Limbach Flugmotoren GmbH
- Company type: Company with limited liability
- Industry: Aerospace
- Headquarters: Königswinter, Germany
- Key people: Shuide Chen and Peter Limbach
- Products: Engines
- Owner: Shuide Chen
- Website: limflug.de

= Limbach Flugmotoren =

German aircraft engine manufacturer

Limbach Flugmotoren (Limbach Aero Engines) is a Chinese-owned company based in Germany that produces aircraft engines.

==History==
The company is named after Peter Limbach who expanded his father's engine repair business in the 1970s in Königswinter. By May 2006, Limbach had produced more than 6000 engines. The engines are certified according to CS-22 Subpart H for use in motorgliders, CS-LSA and CS-VLA type of aircraft.

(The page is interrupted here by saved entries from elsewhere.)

(* Let $x$ and $y$ be indeterminates that do not commute under multiplication (so $(x+y)^n$ is computed in the free associative algebra generated by $x$ and $y$), and let $n$ be a nonnegative integer. For $0\le k\le n$ and each $\lambda=(\lambda_1,\dots,\lambda_k)\in\mathcal{P}_{k,n-k}$, let $Q^\lambda x^{n-k}y^k$ denote the word obtained from the word $x^{n-k}y^k=\underbrace{x\cdots x}_{n-k}\underbrace{y\cdots y}_{k}$ by applying the product of transpositions $$Q^\lambda:=\prod_{j=1}^k (n-k+j,\; n-k+j-\lambda_j),$$ where applying the transposition $(i,j)$ to a word means swapping its $i$th and $j$th letters, and the factors are applied in the order $j=1$ first, then $j=2$, and so on up to $j=k$ (for $k=0$, $Q^\lambda$ is the identity). Then $$(x+y)^n=\sum_{k=0}^n\sum_{\lambda\in\mathcal{P}_{k,n-k}} Q^\lambda x^{n-k}y^k.$$
   Context: For nonnegative integers $k$ and $m$, $\mathcal{P}_{k,m}$ denotes the set of integer tuples $(\lambda_1,\dots,\lambda_k)$ with $m\ge\lambda_1\ge\lambda_2\ge\cdots\ge\lambda_k\ge 0$, i.e. partitions with at most $k$ parts, each part at most $m$, padded with zeros to length $k$. ($\mathcal{P}_{0,m}$ consists of the single empty tuple.) For example, with $n-k=5$, $k=3$: $Q^{(3,1,0)}x^5y^3=(8,8)(7,6)(6,3)(xxxxxyyy)=xxyxxyxy$. *)

From mathcomp Require Import all_boot all_algebra.
Set Implicit Arguments. Unset Strict Implicit. Unset Printing Implicit Defensive.
Import GRing.Theory.
Local Open Scope ring_scope.

(* Words over the alphabet {x, y}: false = x, true = y. *)
Definition word := seq bool.

Definition xy_word (a b : nat) : word := nseq a false ++ nseq b true.

(* Swap the letters at 1-based positions i and j of a word. *)
Definition swap_letters (w : word) (i j : nat) : word :=
  [seq nth false w (if l == i.-1 then j.-1 else if l == j.-1 then i.-1 else l)
  | l <- iota 0 (size w)].

Definition Q_apply (n k : nat) (lam : seq nat) : word :=
  foldl (fun w j => swap_letters w (n - k + j) (n - k + j - nth 0 lam j.-1))
        (xy_word (n - k) k) (iota 1 k).

(* Membership in P_{k,m} for a k-tuple with entries in {0..m}:
   m >= lambda_1 >= ... >= lambda_k >= 0. *)
Definition in_P (k m : nat) (t : k.-tuple 'I_m.+1) : bool :=
  sorted (fun a b => b <= a)%N (map val t).

Definition eval_word (R : pzRingType) (x y : R) (w : word) : R :=
  \prod_(b <- w) (if b then y else x).

(* Expanding (x + y)^n yields, for every set A of positions in {0, ..., n-1},
   the word with y exactly at the positions in A.  For lam in P_{k,n-k}, the
   j-th transposition of Q^lam moves the y at 0-based position n-k+j-1 to
   p_j = n-k+j-1-lam_j.  As lam is nonincreasing, p_1 < ... < p_k, so no
   transposition disturbs a y placed earlier and Q^lam x^(n-k) y^k has its
   y's exactly at {p_1, ..., p_k}.  Conversely a k-set p_1 < ... < p_k of
   positions comes from lam_j = n-k+j-1-p_j, which lies in P_{k,n-k}. *)

From mathcomp Require Import all_boot all_algebra zify.
Import GRing.Theory.
Set Implicit Arguments. Unset Strict Implicit. Unset Printing Implicit Defensive.

Lemma nth_sorted_geq (s : seq nat) i j :
  sorted geq s -> i <= j -> nth 0 s j <= nth 0 s i.
Proof.
move=> s_sorted le_ij; case: (ltnP j (size s)) => [lt_js|]; last first.
  by move=> le_sj; rewrite nth_default.
have geq_trans : transitive geq by move=> a b c ba ac; apply: leq_trans ac ba.
apply: (sorted_leq_nth geq_trans (@leqnn) 0 s_sorted) => //.
by rewrite inE (leq_ltn_trans le_ij).
Qed.

Lemma sorted_ltn_nthD (s : seq nat) i d :
  sorted ltn s -> i + d < size s -> nth 0 s i + d <= nth 0 s (i + d).
Proof.
move=> /(sortedP 0) s_incr; elim: d => [|d IHd] lt_ids; first by rewrite !addn0.
rewrite addnS in lt_ids *; have := s_incr _ lt_ids; have := IHd (ltnW lt_ids); lia.
Qed.

Lemma nth_val_tuple_le p k (t : k.-tuple 'I_p.+1) i : nth 0 (map val t) i <= p.
Proof.
case: (ltnP i k) => [lt_ik|le_ki]; last by rewrite nth_default // size_map size_tuple.
rewrite (nth_map ord0) ?size_tuple //; exact: (ltn_ord (nth ord0 t i)).
Qed.

Lemma sorted_val_enum_set n (A : {set 'I_n}) : sorted ltn (map val (enum A)).
Proof.
rewrite /enum_mem -enumT sorted_map; apply: sorted_filter.
  by move=> ? ? ?; apply: ltn_trans.
by rewrite -sorted_map val_enum_ord iota_ltn_sorted.
Qed.

Lemma swap_letters_mkseq (P : pred nat) n a b : a < n -> b < n ->
  swap_letters (mkseq P n) a.+1 b.+1 =
  mkseq (fun l => P (if l == a then b else if l == b then a else l)) n.
Proof.
move=> lt_an lt_bn; rewrite /swap_letters size_mkseq /=.
apply/eq_in_map => l; rewrite mem_iota add0n => lt_ln.
by rewrite nth_mkseq //; case: ifP => _ //; case: ifP.
Qed.

Lemma eval_word_mkseq (R : pzRingType) (x y : R) (P : pred nat) n :
  eval_word x y (mkseq P n) = (\prod_(l < n) if P l then y else x)%R.
Proof.
rewrite /eval_word big_map -(big_mkord xpredT (fun l => if P l then y else x)).
by rewrite /index_iota subn0.
Qed.

Lemma xy_word_mkseq a b : xy_word a b = mkseq (fun l => a <= l) (a + b).
Proof.
apply: (@eq_from_nth _ false) => [|l]; first by rewrite size_cat !size_nseq size_mkseq.
rewrite size_cat !size_nseq => lt_l_ab; rewrite nth_mkseq // nth_cat size_nseq.
case: ltnP => [_|le_al]; rewrite nth_nseq ?if_same //.
by have -> : l - a < b by lia.
Qed.

(* 0-based: the position to which Q^lam sends the (i+1)-st y of x^m y^k. *)
Definition ypos (m : nat) (lam : seq nat) (i : nat) : nat := m + i - nth 0 lam i.

Lemma yposK m lam k : (forall i, i < k -> nth 0 lam i <= m + i) ->
  mkseq (ypos m (mkseq (ypos m lam) k)) k = mkseq (nth 0 lam) k.
Proof.
move=> lam_le; apply/eq_in_map => i; rewrite mem_iota add0n => /andP[_ lt_ik] /=.
by rewrite /ypos nth_mkseq //; have := lam_le i lt_ik; lia.
Qed.

Section Ypos.

Variables (m : nat) (lam : seq nat).
Hypotheses (lam_sorted : sorted geq lam) (lam_bounded : forall i, nth 0 lam i <= m).

Lemma ypos_ltn i j : i < j -> ypos m lam i < ypos m lam j.
Proof.
move=> lt_ij; have := nth_sorted_geq lam_sorted (ltnW lt_ij).
by have := lam_bounded i; rewrite /ypos; lia.
Qed.

Lemma ypos_notin i l : ypos m lam i <= l -> l \notin mkseq (ypos m lam) i.
Proof.
move=> le_il; apply/mapP => -[j]; rewrite mem_iota add0n => /andP[_ lt_ji] eq_lj.
by have := ypos_ltn lt_ji; lia.
Qed.

End Ypos.

Section QWord.

Variables (n k : nat) (lam : seq nat).
Hypotheses (le_kn : k <= n) (lam_sorted : sorted geq lam)
  (lam_bounded : forall i, nth 0 lam i <= n - k).
Local Notation m := (n - k).

(* The word after the first [j] transpositions of [Q_apply n k lam]. *)
Definition Q_step_word j : word :=
  mkseq (fun l => (l \in mkseq (ypos m lam) j) || (m + j <= l)) n.

Lemma Q_step_wordS j : j < k ->
  swap_letters (Q_step_word j) (m + j).+1 (ypos m lam j).+1 = Q_step_word j.+1.
Proof.
move=> lt_jk; have le_yj : ypos m lam j <= m + j by rewrite /ypos; lia.
rewrite /Q_step_word swap_letters_mkseq; [|lia|lia].
apply: eq_mkseq => l; rewrite mkseqS mem_rcons inE.
case: (eqVneq l (m + j)) => [->|ne_lmj].
  rewrite !(negbTE (ypos_notin lam_sorted lam_bounded _)) //.
  by apply/idP/idP; lia.
case: (eqVneq l (ypos m lam j)) => [->|ne_lyj]; first by rewrite leqnn orbT.
by case: (_ \in _) => //=; apply/idP/idP; lia.
Qed.

Lemma Q_apply_mkseq :
  Q_apply n k lam = mkseq (fun l => l \in mkseq (ypos m lam) k) n.
Proof.
suff foldlE j : j <= k -> foldl (fun w j =>
    swap_letters w (m + j) (m + j - nth 0 lam j.-1)) (xy_word m k) (iota 1 j)
    = Q_step_word j.
  rewrite /Q_apply foldlE //; apply/eq_in_map => l.
  by rewrite mem_iota add0n subnK // => /andP[_ lt_ln] /=; rewrite leqNgt lt_ln orbF.
elim: j => [_|j IHj lt_jk].
  by rewrite /= xy_word_mkseq subnK //; apply: eq_mkseq => l; rewrite addn0.
rewrite -[j.+1]addn1 iotaD foldl_cat IHj ?(ltnW lt_jk) //= add1n addnS addn1.
have -> : (m + j).+1 - nth 0 lam j = (ypos m lam j).+1.
  by have := lam_bounded j; rewrite /ypos; lia.
exact: Q_step_wordS.
Qed.

End QWord.

Section QSet.

Variables n k : nat.
Hypothesis le_kn : k <= n.
Local Notation m := (n - k).
Implicit Types (t : k.-tuple 'I_m.+1) (A : {set 'I_n}).

Definition Q_set t : {set 'I_n} :=
  [set l : 'I_n | val l \in mkseq (ypos m (map val t)) k].

(* [ypos m] is an involution, so the inverse bijection uses the same formula. *)
Definition Q_tuple A : k.-tuple 'I_m.+1 :=
  [tuple inord (ypos m (map val (enum A)) i) | i < k].

Lemma nth_val_enum_bounds A i : #|A| = k -> i < k ->
  i <= nth 0 (map val (enum A)) i <= m + i.
Proof.
set s := map val (enum A) => cardA lt_ik.
have size_s : size s = k by rewrite size_map -cardE.
have s_sorted : sorted ltn s := sorted_val_enum_set A.
have := sorted_ltn_nthD (i := 0) (d := i) s_sorted; rewrite add0n size_s => /(_ lt_ik).
have := sorted_ltn_nthD (i := i) (d := k.-1 - i) s_sorted; rewrite size_s.
have -> : i + (k.-1 - i) = k.-1 by lia.
have /mapP[l _ nth_s] : nth 0 s k.-1 \in s by rewrite mem_nth // size_s; lia.
by have := ltn_ord l; rewrite -nth_s; lia.
Qed.

Lemma val_Q_tuple A : #|A| = k ->
  map val (Q_tuple A) = mkseq (ypos m (map val (enum A))) k.
Proof.
move=> cardA; apply: (@eq_from_nth _ 0) => [|i]; rewrite size_map size_tuple.
  by rewrite size_mkseq.
move=> lt_ik.
rewrite (nth_map ord0) ?size_tuple // (nth_mktuple _ _ (Ordinal lt_ik)) nth_mkseq //.
by rewrite /= inordK //; have := nth_val_enum_bounds cardA lt_ik; rewrite /ypos /=; lia.
Qed.

Lemma in_P_Q_tuple A : #|A| = k -> in_P (Q_tuple A).
Proof.
move=> cardA; rewrite /in_P val_Q_tuple //; apply/(sortedP 0) => i.
rewrite size_mkseq => lt_i1k; rewrite !nth_mkseq ?(ltnW lt_i1k) // /ypos.
have := sorted_ltn_nthD (i := i) (d := 1) (sorted_val_enum_set A).
rewrite size_map -cardE cardA addn1 => /(_ lt_i1k).
have := nth_val_enum_bounds cardA lt_i1k.
by have := nth_val_enum_bounds cardA (ltnW lt_i1k); lia.
Qed.

Lemma Q_tupleK A : #|A| = k -> Q_set (Q_tuple A) = A.
Proof.
move=> cardA; apply/setP => l; rewrite inE val_Q_tuple // yposK; last first.
  by move=> i /(nth_val_enum_bounds cardA)/andP[].
by rewrite -cardA cardE -(size_map val) mkseq_nth (mem_map val_inj) mem_enum.
Qed.

Section InP.

Variable t : k.-tuple 'I_m.+1.
Hypothesis t_in_P : in_P t.

Lemma val_enum_Q_set : map val (enum (Q_set t)) = mkseq (ypos m (map val t)) k.
Proof.
have ypos_incr := ypos_ltn t_in_P (nth_val_tuple_le t).
apply: (irr_sorted_eq ltn_trans ltnn (sorted_val_enum_set _)).
  apply/(sortedP 0) => i; rewrite size_mkseq => lt_i1k.
  by rewrite !nth_mkseq ?(ltnW lt_i1k) //; apply: ypos_incr.
move=> l; case: (ltnP l n) => [lt_ln|le_nl].
  by rewrite -[l]/(val (Ordinal lt_ln)) (mem_map val_inj) mem_enum inE.
rewrite (negbTE (ypos_notin t_in_P (nth_val_tuple_le t) _)); last by rewrite /ypos; lia.
by apply/negbTE/mapP => -[l' _ eq_ll']; move: le_nl; rewrite eq_ll' leqNgt ltn_ord.
Qed.

Lemma card_Q_set : #|Q_set t| = k.
Proof. by rewrite cardE -(size_map val) val_enum_Q_set size_mkseq. Qed.

Lemma Q_setK : Q_tuple (Q_set t) = t.
Proof.
apply/val_inj/(inj_map val_inj); rewrite val_Q_tuple ?card_Q_set // val_enum_Q_set.
rewrite yposK; last by move=> i _; have := nth_val_tuple_le t i; lia.
by have := mkseq_nth 0 (map val t); rewrite size_map size_tuple.
Qed.

End InP.

End QSet.

Local Open Scope ring_scope.

Lemma exprD_sum_sets (R : pzRingType) (x y : R) n :
  (x + y) ^+ n = \sum_(A : {set 'I_n}) \prod_(i < n) (if i \in A then y else x).
Proof.
have -> : (x + y) ^+ n = \prod_(i < n) (y + x).
  by rewrite -(big_mkord xpredT (fun _ => y + x)) prodr_const_nat subn0 addrC.
by rewrite (bigA_distr _ _ (fun _ => y) (fun _ => x)).
Qed.

Lemma big_set_by_card (R : Type) (idx : R) (op : Monoid.com_law idx) (T : finType)
    (F : {set T} -> R) :
  \big[op/idx]_(A : {set T}) F A =
  \big[op/idx]_(k < #|T|.+1) \big[op/idx]_(A : {set T} | #|A| == k) F A.
Proof.
rewrite (partition_big (fun A : {set T} => inord #|A| : 'I_#|T|.+1) xpredT) //.
apply: eq_bigr => k _; apply: eq_bigl => A /=.
have lt_A_T : (#|A| < #|T|.+1)%N by rewrite ltnS max_card.
by apply/eqP/eqP => [<-|->]; [rewrite inordK | rewrite inord_val].
Qed.

Lemma sum_Q_words (R : pzRingType) (x y : R) n k : (k <= n)%N ->
  \sum_(t : k.-tuple 'I_(n - k).+1 | in_P t) eval_word x y (Q_apply n k (map val t)) =
  \sum_(A : {set 'I_n} | #|A| == k) \prod_(i < n) (if i \in A then y else x).
Proof.
move=> le_kn; rewrite [RHS](reindex_onto (@Q_set n k) (@Q_tuple n k)) => [|A /eqP];
  last exact: Q_tupleK.
apply: eq_big => t.
  apply/idP/andP => [t_in_P | [/eqP card_t /eqP <-]]; last exact: in_P_Q_tuple.
  by rewrite card_Q_set // Q_setK.
move=> t_in_P; rewrite Q_apply_mkseq ?eval_word_mkseq //; last exact: nth_val_tuple_le.
by apply: eq_bigr => i _; rewrite inE.
Qed.

Theorem theorem1 (R : pzRingType) (x y : R) (n : nat) :
  (x + y) ^+ n =
  \sum_(k < n.+1)
     \sum_(t : k.-tuple 'I_(n - k).+1 | in_P t)
        eval_word x y (Q_apply n k (map val t)).
Proof.
rewrite exprD_sum_sets big_set_by_card card_ord.
by apply: eq_bigr => k _; rewrite sum_Q_words // -ltnS.
Qed.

Most Limbach engines are based on the Volkswagen flat-4 boxer unit with displacement of up to 2.4 liters, and up to 160 BHP in the turbocharged model. The smaller engines, all 1700cc and some 2000cc, are based on the air cooled "Type 1" unit, also referred to as the Beetle engine. The larger engines, some 2000cc and all 2400cc, are based on the Volkswagen Wasserboxer engine. The most powerful versions of the 2400cc engines have water cooled cylinder heads as well as electronic fuel injection and electronic ignition. Limbach also makes two-stroke engines for UAV as well as uncertified versions of a few four-stroke engines for the experimental Homebuilt aircraft market. For most aviation enthusiasts though, Limbach is synonymous to the powerplant found in most German motorgliders.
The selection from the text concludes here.